[Start of section]

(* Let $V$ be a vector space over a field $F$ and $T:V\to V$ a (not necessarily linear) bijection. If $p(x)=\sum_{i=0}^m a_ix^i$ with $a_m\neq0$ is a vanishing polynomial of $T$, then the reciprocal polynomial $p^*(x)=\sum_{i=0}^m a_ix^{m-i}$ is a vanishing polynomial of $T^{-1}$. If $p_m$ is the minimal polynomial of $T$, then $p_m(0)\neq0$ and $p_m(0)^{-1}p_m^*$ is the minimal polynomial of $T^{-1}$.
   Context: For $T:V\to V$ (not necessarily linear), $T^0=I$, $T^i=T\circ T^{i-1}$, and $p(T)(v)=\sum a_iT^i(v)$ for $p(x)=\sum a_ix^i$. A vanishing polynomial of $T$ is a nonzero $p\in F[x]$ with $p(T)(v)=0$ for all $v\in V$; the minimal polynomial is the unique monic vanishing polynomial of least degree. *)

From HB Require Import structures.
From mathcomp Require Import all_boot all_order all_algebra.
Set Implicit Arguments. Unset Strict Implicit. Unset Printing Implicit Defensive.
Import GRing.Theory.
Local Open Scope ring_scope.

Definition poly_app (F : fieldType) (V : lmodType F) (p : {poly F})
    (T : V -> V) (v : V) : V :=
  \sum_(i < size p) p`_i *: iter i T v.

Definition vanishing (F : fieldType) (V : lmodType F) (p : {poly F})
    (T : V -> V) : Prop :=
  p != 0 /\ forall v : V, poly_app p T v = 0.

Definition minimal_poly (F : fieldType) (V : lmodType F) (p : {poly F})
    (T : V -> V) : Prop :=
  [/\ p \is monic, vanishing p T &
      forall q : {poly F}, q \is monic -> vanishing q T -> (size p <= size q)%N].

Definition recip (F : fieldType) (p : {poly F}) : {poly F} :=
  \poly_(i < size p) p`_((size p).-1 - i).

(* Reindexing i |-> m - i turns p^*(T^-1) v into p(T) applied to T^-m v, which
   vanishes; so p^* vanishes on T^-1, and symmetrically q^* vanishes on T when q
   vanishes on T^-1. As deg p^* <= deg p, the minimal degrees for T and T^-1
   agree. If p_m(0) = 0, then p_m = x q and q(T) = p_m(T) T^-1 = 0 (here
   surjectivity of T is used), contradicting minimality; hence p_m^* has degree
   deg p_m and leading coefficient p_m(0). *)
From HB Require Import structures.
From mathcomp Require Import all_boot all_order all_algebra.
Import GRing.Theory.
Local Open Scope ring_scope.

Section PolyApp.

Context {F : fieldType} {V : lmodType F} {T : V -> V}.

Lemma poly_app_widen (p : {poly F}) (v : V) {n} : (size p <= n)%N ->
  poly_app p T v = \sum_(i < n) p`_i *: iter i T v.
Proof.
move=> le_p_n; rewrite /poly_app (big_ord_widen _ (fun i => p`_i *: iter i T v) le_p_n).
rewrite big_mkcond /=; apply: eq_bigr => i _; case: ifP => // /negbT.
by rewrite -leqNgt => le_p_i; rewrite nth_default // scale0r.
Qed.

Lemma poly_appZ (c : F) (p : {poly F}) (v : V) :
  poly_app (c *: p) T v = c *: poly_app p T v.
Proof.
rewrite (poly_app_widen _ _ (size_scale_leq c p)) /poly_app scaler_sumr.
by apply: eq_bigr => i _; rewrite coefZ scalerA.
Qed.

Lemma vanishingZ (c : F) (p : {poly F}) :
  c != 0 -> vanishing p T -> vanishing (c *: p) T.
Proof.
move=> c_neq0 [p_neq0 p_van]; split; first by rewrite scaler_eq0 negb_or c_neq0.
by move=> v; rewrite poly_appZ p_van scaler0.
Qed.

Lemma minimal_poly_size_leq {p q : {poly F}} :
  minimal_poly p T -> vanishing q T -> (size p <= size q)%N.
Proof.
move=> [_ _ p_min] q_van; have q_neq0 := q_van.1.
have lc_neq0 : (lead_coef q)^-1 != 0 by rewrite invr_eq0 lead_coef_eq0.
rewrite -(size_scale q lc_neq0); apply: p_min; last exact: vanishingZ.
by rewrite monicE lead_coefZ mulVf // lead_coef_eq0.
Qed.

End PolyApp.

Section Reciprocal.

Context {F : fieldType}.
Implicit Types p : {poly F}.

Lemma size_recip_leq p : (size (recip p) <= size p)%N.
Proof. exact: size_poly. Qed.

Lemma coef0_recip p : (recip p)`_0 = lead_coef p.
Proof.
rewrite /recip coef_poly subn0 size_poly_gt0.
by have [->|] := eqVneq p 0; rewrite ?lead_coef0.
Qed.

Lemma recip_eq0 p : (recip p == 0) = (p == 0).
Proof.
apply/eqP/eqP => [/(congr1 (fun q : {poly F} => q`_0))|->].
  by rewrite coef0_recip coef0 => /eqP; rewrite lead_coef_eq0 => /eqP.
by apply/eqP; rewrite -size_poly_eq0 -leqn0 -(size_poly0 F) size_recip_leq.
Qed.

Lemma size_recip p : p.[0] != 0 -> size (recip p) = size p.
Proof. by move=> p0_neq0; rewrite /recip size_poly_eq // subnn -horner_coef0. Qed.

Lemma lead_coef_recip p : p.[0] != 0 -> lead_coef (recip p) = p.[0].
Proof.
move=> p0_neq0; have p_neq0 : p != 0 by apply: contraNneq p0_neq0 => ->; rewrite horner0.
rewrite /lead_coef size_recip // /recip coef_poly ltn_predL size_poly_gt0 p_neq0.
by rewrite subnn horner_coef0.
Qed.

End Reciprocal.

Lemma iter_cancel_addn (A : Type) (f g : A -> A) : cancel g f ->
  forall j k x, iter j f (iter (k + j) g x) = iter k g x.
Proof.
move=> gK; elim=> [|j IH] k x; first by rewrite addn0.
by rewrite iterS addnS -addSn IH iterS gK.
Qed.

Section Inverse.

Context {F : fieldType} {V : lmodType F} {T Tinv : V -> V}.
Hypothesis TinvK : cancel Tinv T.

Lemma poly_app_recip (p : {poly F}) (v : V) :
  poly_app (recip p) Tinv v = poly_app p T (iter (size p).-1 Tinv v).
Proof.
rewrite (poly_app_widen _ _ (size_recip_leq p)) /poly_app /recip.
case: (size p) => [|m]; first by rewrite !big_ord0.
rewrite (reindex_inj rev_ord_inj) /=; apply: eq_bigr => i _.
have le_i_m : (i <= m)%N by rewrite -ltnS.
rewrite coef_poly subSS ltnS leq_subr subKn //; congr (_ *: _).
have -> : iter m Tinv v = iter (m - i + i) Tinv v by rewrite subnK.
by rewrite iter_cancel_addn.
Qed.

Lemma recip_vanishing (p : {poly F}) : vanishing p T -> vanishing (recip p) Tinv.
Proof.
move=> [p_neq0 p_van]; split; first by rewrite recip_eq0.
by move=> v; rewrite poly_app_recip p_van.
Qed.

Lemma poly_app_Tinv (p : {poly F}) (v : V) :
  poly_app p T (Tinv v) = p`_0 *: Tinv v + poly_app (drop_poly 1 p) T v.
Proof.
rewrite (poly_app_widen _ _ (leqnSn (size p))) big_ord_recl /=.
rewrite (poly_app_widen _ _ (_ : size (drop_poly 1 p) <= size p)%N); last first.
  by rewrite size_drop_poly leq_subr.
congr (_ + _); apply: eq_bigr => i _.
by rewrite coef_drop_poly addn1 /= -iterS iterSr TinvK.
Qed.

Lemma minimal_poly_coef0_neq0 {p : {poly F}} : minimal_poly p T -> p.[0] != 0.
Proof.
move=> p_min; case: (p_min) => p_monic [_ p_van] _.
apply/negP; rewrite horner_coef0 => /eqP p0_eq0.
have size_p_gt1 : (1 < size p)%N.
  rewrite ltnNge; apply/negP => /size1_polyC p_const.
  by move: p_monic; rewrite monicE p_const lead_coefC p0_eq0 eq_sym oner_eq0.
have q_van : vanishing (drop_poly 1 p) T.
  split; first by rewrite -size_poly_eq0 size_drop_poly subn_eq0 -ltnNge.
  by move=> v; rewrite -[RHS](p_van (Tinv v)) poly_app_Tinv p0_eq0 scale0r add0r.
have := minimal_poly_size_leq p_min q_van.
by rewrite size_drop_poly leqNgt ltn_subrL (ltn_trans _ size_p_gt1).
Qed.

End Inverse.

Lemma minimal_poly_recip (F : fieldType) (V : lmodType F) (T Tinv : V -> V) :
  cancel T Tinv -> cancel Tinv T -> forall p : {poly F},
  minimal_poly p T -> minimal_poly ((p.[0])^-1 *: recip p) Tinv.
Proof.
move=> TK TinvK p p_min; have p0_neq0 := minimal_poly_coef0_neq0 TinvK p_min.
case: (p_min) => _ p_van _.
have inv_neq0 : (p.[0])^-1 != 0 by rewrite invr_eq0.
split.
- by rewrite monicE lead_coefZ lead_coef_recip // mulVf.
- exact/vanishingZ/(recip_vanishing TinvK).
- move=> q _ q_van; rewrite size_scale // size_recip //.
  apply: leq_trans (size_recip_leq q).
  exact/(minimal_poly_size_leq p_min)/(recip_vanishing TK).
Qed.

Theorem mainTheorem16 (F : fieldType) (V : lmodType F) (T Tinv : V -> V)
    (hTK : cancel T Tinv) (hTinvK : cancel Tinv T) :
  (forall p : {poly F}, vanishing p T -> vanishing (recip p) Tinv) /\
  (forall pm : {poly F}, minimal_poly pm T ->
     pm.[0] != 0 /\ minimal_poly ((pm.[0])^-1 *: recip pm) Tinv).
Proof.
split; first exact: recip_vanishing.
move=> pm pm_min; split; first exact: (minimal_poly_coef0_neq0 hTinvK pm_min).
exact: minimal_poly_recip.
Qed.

[End of section]

Using the data above, repeat exactly the lines that begin at the line with "move=> c_neq0 [p_neq0" and end at the line with "move=> p0_neq0; have", both ends included.

Task result =>
move=> c_neq0 [p_neq0 p_van]; split; first by rewrite scaler_eq0 negb_or c_neq0.
by move=> v; rewrite poly_appZ p_van scaler0.
Qed.

Lemma minimal_poly_size_leq {p q : {poly F}} :
  minimal_poly p T -> vanishing q T -> (size p <= size q)%N.
Proof.
move=> [_ _ p_min] q_van; have q_neq0 := q_van.1.
have lc_neq0 : (lead_coef q)^-1 != 0 by rewrite invr_eq0 lead_coef_eq0.
rewrite -(size_scale q lc_neq0); apply: p_min; last exact: vanishingZ.
by rewrite monicE lead_coefZ mulVf // lead_coef_eq0.
Qed.

End PolyApp.

Section Reciprocal.

Context {F : fieldType}.
Implicit Types p : {poly F}.

Lemma size_recip_leq p : (size (recip p) <= size p)%N.
Proof. exact: size_poly. Qed.

Lemma coef0_recip p : (recip p)`_0 = lead_coef p.
Proof.
rewrite /recip coef_poly subn0 size_poly_gt0.
by have [->|] := eqVneq p 0; rewrite ?lead_coef0.
Qed.

Lemma recip_eq0 p : (recip p == 0) = (p == 0).
Proof.
apply/eqP/eqP => [/(congr1 (fun q : {poly F} => q`_0))|->].
  by rewrite coef0_recip coef0 => /eqP; rewrite lead_coef_eq0 => /eqP.
by apply/eqP; rewrite -size_poly_eq0 -leqn0 -(size_poly0 F) size_recip_leq.
Qed.

Lemma size_recip p : p.[0] != 0 -> size (recip p) = size p.
Proof. by move=> p0_neq0; rewrite /recip size_poly_eq // subnn -horner_coef0. Qed.

Lemma lead_coef_recip p : p.[0] != 0 -> lead_coef (recip p) = p.[0].
Proof.
move=> p0_neq0; have p_neq0 : p != 0 by apply: contraNneq p0_neq0 => ->; rewrite horner0.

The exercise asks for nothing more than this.